_Instructions to follow_. Your task is to find every line in the records that holds the string "eqVneq" and copy it.

_Input_.
Lemma Im_ip_sym x : D x -> complex.Im (ip (A x) x) = 0.
Proof.
move=> /A_sym; rewrite [ip x _]ip_conj.
case: (ip (A x) x) => e1 e2 /= [] /eqP; rewrite -subr_eq0 opprK -mulr2n.
by rewrite mulrn_eq0 /= => /eqP.
Qed.

Lemma numrangeR_rayleigh z : D z -> z != 0 ->
  numrangeR ip D A (complex.Re (ip (A z) z) / complex.Re (ip z z)).
Proof.
move=> Dz /ip_pos; set N := complex.Re (ip z z) => N0.
set r := (Num.sqrt N)^-1.
have r2 : r ^+ 2 = N^-1 by rewrite exprVn sqr_sqrtr // ltW.
exists (r%:C *: z); split; first exact: DZ.
  by rewrite /hnorm ip_scale_real Re_realM r2 mulVf ?sqrtr1 // gt_eqF.
by rewrite AZ // ip_scale_real (real_Re (Im_ip_sym Dz)) -rmorphM /= r2 mulrC.
Qed.

Lemma real_comb_neq0 u v (t : R) : D u ->
  complex.Re (ip u u) = 1 -> complex.Re (ip v v) = 1 ->
  complex.Re (ip (A u) u) != complex.Re (ip (A v) v) ->
  (1 - t)%:C *: u + t%:C *: v != 0.
Proof.
move=> Du Nu Nv Quv; apply/eqP => z0.
have [t0|tn0] := eqVneq t 0.
  move: z0 Nu; rewrite t0 subr0 scale0r addr0 scale1r => -> /eqP.
  by rewrite ip0l eq_sym oner_eq0.
have ev : v = (- ((1 - t) / t))%:C *: u.
  apply: (@scalerI _ _ (t%:C)); first by rewrite eq_complex /= negb_and tn0.
  rewrite scalerA -rmorphM /= mulrN mulrCA mulfV // mulr1 rmorphN scaleNr.
  by apply/eqP; rewrite -addr_eq0 addrC z0.
move: Nv Quv; rewrite ev AZ // !ip_scale_real !Re_realM Nu mulr1 => ->.
by rewrite mul1r eqxx.
Qed.

(* Along z_t = (1 - t) u + t v, the quadratic <A z_t, z_t> - x <z_t, z_t> goes
   from a - x < 0 to b - x > 0, so it vanishes at some z_t, which is nonzero. *)
Lemma numrangeR_convex a b x : numrangeR ip D A a -> numrangeR ip D A b ->
  a < x < b -> numrangeR ip D A x.
Proof.
move=> [u [Du /Re_ip_unit Nu ha]] [v [Dv /Re_ip_unit Nv hb]] /andP[ax xb].
have Qu : complex.Re (ip (A u) u) = a by rewrite -ha.
have Qv : complex.Re (ip (A v) v) = b by rewrite -hb.
pose z (t : R) := (1 - t)%:C *: u + t%:C *: v.
have Dz t : D (z t) by apply: D_linear => //; exact: DZ.
have Az t : A (z t) = (1 - t)%:C *: A u + t%:C *: A v.
  by rewrite /z A_linear ?AZ //; exact: DZ.
set K := complex.Re (ip (A u) v + ip (A v) u).
set M := complex.Re (ip u v + ip v u).
pose p : {poly R} := (1 - 'X) ^+ 2 * (a - x)%:P
  + (1 - 'X) * 'X * (K - x * M)%:P + 'X ^+ 2 * (b - x)%:P.
have pE t :
    p.[t] = complex.Re (ip (A (z t)) (z t)) - x * complex.Re (ip (z t) (z t)).
  by rewrite Az /z !Re_ip_real_comb Qu Qv Nu Nv -/K -/M /p !hornerE; ring.
have [t _ pt0] : exists2 t, t \in `[0, 1] & p.[t] = 0.
  apply: IVT; first exact: ler01.
    by apply/continuous_subspaceT => y; exact: continuous_horner.
  rewrite !hornerE /= subrr subr0 expr0n expr1n /=.
  rewrite !(mul0r, mulr0, mul1r, add0r, addr0).
  by rewrite ge_min le_max !subr_le0 !subr_ge0 (ltW ax) (ltW xb) !orbT.
have z0 : z t != 0 by apply: real_comb_neq0; rewrite // Qu Qv lt_eqF // (lt_trans ax).
move: pt0; rewrite pE => /eqP; rewrite subr_eq0 => /eqP xE.
by have := numrangeR_rayleigh (Dz t) z0; rewrite xE mulfK // gt_eqF // ip_pos.
Qed.

End SymmetricOperator.
End InnerProduct.

Section ClosureInExtendedReals.
Variables (R : realType) (S : set R).

Lemma OmegaA_EFin x : OmegaA S x%:E <-> closure S x.
Proof.
split=> h U.
  move=> nU; have : nbhs x%:E (fun y : \bar R => U (fine y)) by apply/nbhs_EFin.
  by move=> /h [_ [[r Sr <-]]] /= Ur; exists r.
move=> /nbhs_EFin /h [r [Sr Ur]]; exists r%:E; split => //; by exists r.
Qed.

Lemma OmegaA_bounds X : OmegaA S X -> (infA S <= X <= supA S)%E.
Proof.
have closed_sub (P : set (\bar R)) : closed P ->
    [set x%:E | x in S] `<=` P -> OmegaA S `<=` P.
  by move=> cP SP; rewrite (closure_id P).1 //; exact: closureS.
move=> SX; apply/andP; split.
  apply: (closed_sub [set y | infA S <= y]%E) SX; first exact: closed_ereal_le_ereal.
  by move=> _ [r Sr <-]; apply: ereal_inf_lbound; exists r.
apply: (closed_sub [set y | y <= supA S]%E) SX; first exact: closed_ereal_ge_ereal.
by move=> _ [r Sr <-]; apply: ereal_sup_ubound; exists r.
Qed.

Hypotheses (S0 : S !=set0) (S_convex : forall a b x, S a -> S b -> a < x < b -> S x).

Lemma infA_le_supA : (infA S <= supA S)%E.
Proof.
case: S0 => a Sa; apply: (@le_trans _ _ a%:E).
  by apply: ereal_inf_lbound; exists a.
by apply: ereal_sup_ubound; exists a.
Qed.

Lemma OmegaA_EFinE x : OmegaA S x%:E <-> (infA S <= x%:E <= supA S)%E.
Proof.
split; first exact: OmegaA_bounds.
move=> /andP[h1 h2]; apply/OmegaA_EFin.
have [e1|l1] := eqVneq (infA S) x%:E.
  have lS : has_lbound S.
    by exists x => y Sy; rewrite -lee_fin -e1; apply: ereal_inf_lbound; exists y.
  by move: e1; rewrite /infA ereal_inf_EFin // => -[<-]; exact: closure_inf.
have [e2|l2] := eqVneq (supA S) x%:E.
  have uS : has_ubound S.
    by exists x => y Sy; rewrite -lee_fin -e2; apply: ereal_sup_ubound; exists y.
  by move: e2; rewrite /supA ereal_sup_EFin // => -[<-]; exact: closure_sup.
have [_ [a Sa <-] ax] : exists2 y, [set x%:E | x in S] y & (y < x%:E)%E.
  by apply: ereal_inf_lt; rewrite lt_neqAle l1.
have [_ [b Sb <-] xb] : exists2 y, [set x%:E | x in S] y & (x%:E < y)%E.
  by apply: ereal_sup_gt; rewrite lt_neqAle eq_sym l2.
by apply/subset_closure/(S_convex Sa Sb); rewrite -!lte_fin ax xb.
Qed.

End ClosureInExtendedReals.

Section Residual.
Variables (R : realType) (c d : R) (w : R[i]).
Local Notation kR := (kR c d w).
Local Notation kI := (kI c d w).
Local Notation lR := (lR w).
Local Notation lI := (lI w).

Definition residual2 (a b : R) : R := (b * kI + lI) ^+ 2 + (a - kR * b - lR) ^+ 2.

Lemma residual2_ge0 a b : 0 <= residual2 a b.
Proof. by rewrite addr_ge0 ?sqr_ge0. Qed.

Lemma normc_tfun a b : `|tfun c d a b w| = (Num.sqrt (residual2 a b))%:C%C.
Proof.
rewrite normc_def /tfun /residual2 addrC /kR /kI /lR /lI /kappa /lambda.
move: (w ^+ 2) (w ^+ 2 / denom c d w) => [l1 l2] [k1 k2] /=.
by congr (Num.sqrt _)%:C%C; simpc; ring.
Qed.

Lemma denom_factor :
  denom c d w = - ((w - delta_p c d) * (w - delta_m c d)).
Proof.
have iC2 : iC R * iC R = -1 by apply/eqP; rewrite eq_complex /=; simpc.
have psqrt2 (x : R) : psqrt x * psqrt x = x%:C%C.
  rewrite /psqrt; case: ifP => x0; first by rewrite -rmorphM /= -expr2 sqr_sqrtr.
  have xn : 0 <= - x by rewrite oppr_ge0 ltW // ltNge x0.
  by rewrite mulrACA iC2 -rmorphM /= -expr2 sqr_sqrtr // mulN1r -rmorphN opprK.
rewrite /denom /delta_p /delta_m.
move: (psqrt2 (c - d ^+ 2 / 4)); move: (psqrt _) => s hs.
have -> : c%:C%C = s * s + (d / 2)%:C%C * (d / 2)%:C%C.
  by rewrite hs -rmorphM -rmorphD /=; congr (_%:C%C); field.
have -> : d%:C%C = (d / 2)%:C%C + (d / 2)%:C%C by rewrite -rmorphD /= -splitr.
move: ((d / 2)%:C%C) => h; apply/eqP; rewrite -subr_eq0.
have -> : s * s + h * h - iC R * (h + h) * w - w ^+ 2
    - - ((w - (s - iC R * h)) * (w - (- s - iC R * h))) = (iC R * iC R + 1) * (h * h).
  by ring.
by rewrite iC2 addNr mul0r.
Qed.

Hypothesis w_calC : calC c d w.

Lemma denom_neq0 : denom c d w != 0.
Proof.
case: w_calC => hp hm; rewrite denom_factor oppr_eq0 mulf_eq0 !subr_eq0.
by apply/norP; split; apply/eqP.
Qed.

Lemma tfun_eq0 a b : pfun c d a b w = 0 -> tfun c d a b w = 0.
Proof.
have -> : tfun c d a b w = pfun c d a b w / denom c d w.
  by rewrite /tfun /pfun; field; exact: denom_neq0.
by move=> ->; rewrite mul0r.
Qed.

Variables (WA WB : set R).

Definition Omega_residual_lt (eps : R) : Prop := exists a b,
  [/\ OmegaA WA a%:E, OmegaB WB b & Num.sqrt (residual2 a b) < eps].

Lemma WepsE eps : 0 < eps -> Weps c d WA WB eps w <-> Omega_residual_lt eps.
Proof.
move=> eps_gt0; have [hp hm] := w_calC; split.
  case=> [[[a [b [OA OB /tfun_eq0 t0]]]|[_ [//|//]]]|[_ _ [a [b [OA OB]]]]].
    exists a, b; split => //.
    by rewrite -ltcR -normc_tfun t0 normr0 -[0]/(0%:C%C) ltcR.
  by rewrite normc_tfun ltcR => lt; exists a, b.
move=> [a [b [OA OB lt]]].
have [|nW] := pselect (WOmega c d WA WB w); first by left.
by right; split => //; exists a, b; split => //; rewrite normc_tfun ltcR.
Qed.

End Residual.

_Your response_.
have [t0|tn0] := eqVneq t 0.
have [e1|l1] := eqVneq (infA S) x%:E.
have [e2|l2] := eqVneq (supA S) x%:E.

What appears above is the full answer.